■ **Supplied records**:
(* Let $\mathcal{V}$ be a finite vocabulary, $L\ge1$, $\mathbf{m}\notin\mathcal{V}$ a mask token, and $p_{\mathrm{data}}$ a distribution on $\mathcal{V}^L$. Consider a forward masking process of the form $$p(\mathbf{x}_t=\mathbf{z}\mid\mathbf{x}_0,t)=c_t\,\alpha_t(\mathbf{z})\,\mathbf{1}\{\mathbf{x}_0^{\mathrm{um}(\mathbf{z})}=\mathbf{z}^{\mathrm{um}(\mathbf{z})}\},\qquad \mathbf{z}\in(\mathcal{V}\cup\{\mathbf{m}\})^L,$$ where $\alpha_t:(\mathcal{V}\cup\{\mathbf{m}\})^L\to[0,1]$ is a weighting function and $c_t>0$ is a normalizing constant not depending on $\mathbf{x}_0$. Let $p_f$ be the induced joint law of $(\mathbf{x}_0,t,\mathbf{x}_t)$: $\mathbf{x}_0\sim p_{\mathrm{data}}$, $t\sim\mathrm{Unif}[0,1]$, then $\mathbf{x}_t\sim p(\cdot\mid\mathbf{x}_0,t)$. Consider the loss $$\mathcal{L}(f)=\mathbb{E}_{(\mathbf{x}_0,t,\mathbf{x}_t)\sim p_f}\Big[\frac1t\sum_{i:\mathbf{x}_t^i=\mathbf{m}}-\log f^i(\mathbf{x}_0^i\mid\mathbf{x}_t)\Big]$$ over all families $f=(f^i(\cdot\mid\mathbf{z}))_{i\in[L],\mathbf{z}}$ of probability distributions on $\mathcal{V}$. Then any minimizer $f^\star$ equals the ground-truth posterior of $p_{\mathrm{data}}$: for every $i$ and (almost) every $\mathbf{z}$ that occurs with positive probability as $\mathbf{x}_t$ and has $\mathbf{z}^i=\mathbf{m}$, $f^{\star i}(\cdot\mid\mathbf{z})=\mathbb{P}(\mathbf{x}_0^i=\cdot\mid\mathbf{x}_t=\mathbf{z})$, and this posterior does not depend on $t$ or $\alpha_t$: $\mathbb{P}(\mathbf{x}_0=\mathbf{x}\mid\mathbf{x}_t=\mathbf{z})\propto \mathbf{1}\{\mathbf{x}^{\mathrm{um}(\mathbf{z})}=\mathbf{z}^{\mathrm{um}(\mathbf{z})}\}\,p_{\mathrm{data}}(\mathbf{x})$.
   Context: For $\mathbf{z}\in(\mathcal{V}\cup\{\mathbf{m}\})^L$, $\mathrm{um}(\mathbf{z}):=\{i:\mathbf{z}^i\neq\mathbf{m}\}$ is the set of unmasked positions, and $\mathbf{x}^{S}$ denotes the restriction of a sequence to the index set $S$. *)

From HB Require Import structures.
From mathcomp Require Import all_boot all_order all_algebra.
From mathcomp Require Import all_classical all_reals all_analysis.
Set Implicit Arguments. Unset Strict Implicit. Unset Printing Implicit Defensive.
Import Order.TTheory GRing.Theory Num.Theory.
Local Open Scope ring_scope.

(* Clean sequences: x in V^L.  Masked sequences: z in (V ∪ {m})^L, where
   the mask token m is encoded as [None] and a token v in V as [Some v]. *)
Notation seqV V L := {ffun 'I_L -> V}.
Notation mseq V L := {ffun 'I_L -> option V}.

Definition um (V : finType) (L : nat) (z : mseq V L) : {set 'I_L} :=
  [set i | z i != None].

Definition agree (V : finType) (L : nat) (x : seqV V L) (z : mseq V L) : bool :=
  [forall i in um z, z i == Some (x i)].

Definition isdist (R : realType) (T : finType) (q : T -> R) : Prop :=
  (forall a, 0 <= q a) /\ \sum_(a : T) q a = 1.

Definition nlog (R : realType) (q : R) : \bar R :=
  if q == 0 then +oo%E else (- ln q)%:E.

Definition joint (R : realType) (V : finType) (L : nat)
  (p : seqV V L -> R) (c : R -> R) (alpha : R -> mseq V L -> R)
  (x : seqV V L) (z : mseq V L) : \bar R :=
  (\int[@lebesgue_measure R]_(t in `[0%R, 1%R]%classic)
     (p x * c t * alpha t z * (agree x z)%:R)%:E)%E.

Definition marg (R : realType) (V : finType) (L : nat)
  (p : seqV V L -> R) (c : R -> R) (alpha : R -> mseq V L -> R)
  (z : mseq V L) : \bar R :=
  (\sum_(x : seqV V L) joint p c alpha x z)%E.

(* The loss  L(f) = E_{p_f}[ (1/t) Σ_{i : x_t^i = m} -log f^i(x_0^i | x_t) ],
   written out as ∫_{[0,1]} Σ_{x0} Σ_z p_data(x0) p(z|x0,t) (...) dt. *)
Definition loss (R : realType) (V : finType) (L : nat)
  (p : seqV V L -> R) (c : R -> R) (alpha : R -> mseq V L -> R)
  (f : 'I_L -> mseq V L -> V -> R) : \bar R :=
  (\int[@lebesgue_measure R]_(t in `[0%R, 1%R]%classic)
     \sum_(x : seqV V L) \sum_(z : mseq V L)
        ((p x * c t * alpha t z * (agree x z)%:R)%:E *
         ((t^-1)%:E * \sum_(i < L | z i == None) nlog (f i z (x i)))))%E.

From HB Require Import structures.
From mathcomp Require Import all_boot all_order all_algebra.
From mathcomp Require Import all_classical all_reals all_analysis.
From mathcomp Require Import ring lra measurable_realfun.
Set Implicit Arguments. Unset Strict Implicit. Unset Printing Implicit Defensive.
Import Order.TTheory GRing.Theory Num.Theory.
Local Open Scope ring_scope.

(* Integrating out t, the joint law of (x_0, x_t) is
   P(x_0 = x, x_t = z) = p_data(x) 1{x agrees with z} A(z) with A(z) = ∫_0^1 c_t α_t(z) dt,
   so the posterior is p_data conditioned on agreeing with z, whatever c and α are.
   In the loss, the distribution f^i(.|z) with z^i = m only enters through the term
   B(z) W(z) H(q, f^i(.|z)), where q = P(x_0^i = . | x_t = z), W(z) is the p_data-mass of
   the sequences agreeing with z, B(z) = ∫_0^1 c_t α_t(z) / t dt >= A(z) (> 0 when z has
   positive probability) and H is the cross entropy.  Comparing a minimiser f* of finite
   loss with the family obtained by putting q in that slot gives H(q, f*^i(.|z)) <= H(q, q),
   and the equality case of Gibbs' inequality forces f*^i(.|z) = q. *)

Section CrossEntropy.
Variables (R : realType) (T : finType).
Implicit Types (q f : T -> R) (r : R).

Lemma subr_lt_mul_lnB {x y : R} :
  0 < x -> 0 < y -> y != x -> x - y < x * (ln x - ln y).
Proof.
move=> x0 y0 yx.
have lnB_neq0 : ln y - ln x != 0.
  by rewrite subr_eq0; apply: contra yx => /eqP lnyx; apply/eqP; apply: ln_inj; rewrite ?posrE.
have expR_lnB : expR (ln y - ln x) = y / x.
  by rewrite -ln_div ?posrE // lnK // posrE divr_gt0.
have := expR_gt1Dx lnB_neq0; rewrite expR_lnB ltr_pdivlMr // => h.
by rewrite mulrBr; rewrite mulrDl mul1r mulrBl ![_ * x]mulrC in h; lra.
Qed.

Lemma nlogE r : r != 0 -> nlog r = (- ln r)%:E.
Proof. by rewrite /nlog => /negbTE ->. Qed.

Lemma nlog_ge0 r : r <= 1 -> (0 <= nlog r)%E.
Proof. by rewrite /nlog; case: eqP => // _ r1; rewrite lee_fin oppr_ge0 ln_le0. Qed.

Lemma nlog1 : nlog (1 : R) = 0%E.
Proof. by rewrite nlogE ?oner_neq0 // ln1 oppr0. Qed.

Lemma isdist_le1 {q} : isdist q -> forall a, q a <= 1.
Proof. by move=> [q0 q1] a; rewrite -q1 (bigD1 a) //= lerDl sumr_ge0. Qed.

Definition xent q f : \bar R := (\sum_a (q a)%:E * nlog (f a))%E.

Definition xent_term q f a : R := if q a == 0 then 0 else - (q a * ln (f a)).

Lemma xentE q f :
  (forall a, q a != 0 -> f a != 0) -> xent q f = (\sum_a xent_term q f a)%:E.
Proof.
move=> fq; rewrite /xent -sumEFin; apply: eq_bigr => a _; rewrite /xent_term.
have [->|qa0] := eqVneq (q a) 0; first by rewrite mul0e.
by rewrite nlogE ?fq // -EFinM mulrN.
Qed.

■ **What to produce**: Write down, word for word, the lines above from the one containing "so the posterior" through the one containing "Lemma xentE q", both ends included.

■ **Result of this task**:
   so the posterior is p_data conditioned on agreeing with z, whatever c and α are.
   In the loss, the distribution f^i(.|z) with z^i = m only enters through the term
   B(z) W(z) H(q, f^i(.|z)), where q = P(x_0^i = . | x_t = z), W(z) is the p_data-mass of
   the sequences agreeing with z, B(z) = ∫_0^1 c_t α_t(z) / t dt >= A(z) (> 0 when z has
   positive probability) and H is the cross entropy.  Comparing a minimiser f* of finite
   loss with the family obtained by putting q in that slot gives H(q, f*^i(.|z)) <= H(q, q),
   and the equality case of Gibbs' inequality forces f*^i(.|z) = q. *)

Section CrossEntropy.
Variables (R : realType) (T : finType).
Implicit Types (q f : T -> R) (r : R).

Lemma subr_lt_mul_lnB {x y : R} :
  0 < x -> 0 < y -> y != x -> x - y < x * (ln x - ln y).
Proof.
move=> x0 y0 yx.
have lnB_neq0 : ln y - ln x != 0.
  by rewrite subr_eq0; apply: contra yx => /eqP lnyx; apply/eqP; apply: ln_inj; rewrite ?posrE.
have expR_lnB : expR (ln y - ln x) = y / x.
  by rewrite -ln_div ?posrE // lnK // posrE divr_gt0.
have := expR_gt1Dx lnB_neq0; rewrite expR_lnB ltr_pdivlMr // => h.
by rewrite mulrBr; rewrite mulrDl mul1r mulrBl ![_ * x]mulrC in h; lra.
Qed.

Lemma nlogE r : r != 0 -> nlog r = (- ln r)%:E.
Proof. by rewrite /nlog => /negbTE ->. Qed.

Lemma nlog_ge0 r : r <= 1 -> (0 <= nlog r)%E.
Proof. by rewrite /nlog; case: eqP => // _ r1; rewrite lee_fin oppr_ge0 ln_le0. Qed.

Lemma nlog1 : nlog (1 : R) = 0%E.
Proof. by rewrite nlogE ?oner_neq0 // ln1 oppr0. Qed.

Lemma isdist_le1 {q} : isdist q -> forall a, q a <= 1.
Proof. by move=> [q0 q1] a; rewrite -q1 (bigD1 a) //= lerDl sumr_ge0. Qed.

Definition xent q f : \bar R := (\sum_a (q a)%:E * nlog (f a))%E.

Definition xent_term q f a : R := if q a == 0 then 0 else - (q a * ln (f a)).

Lemma xentE q f :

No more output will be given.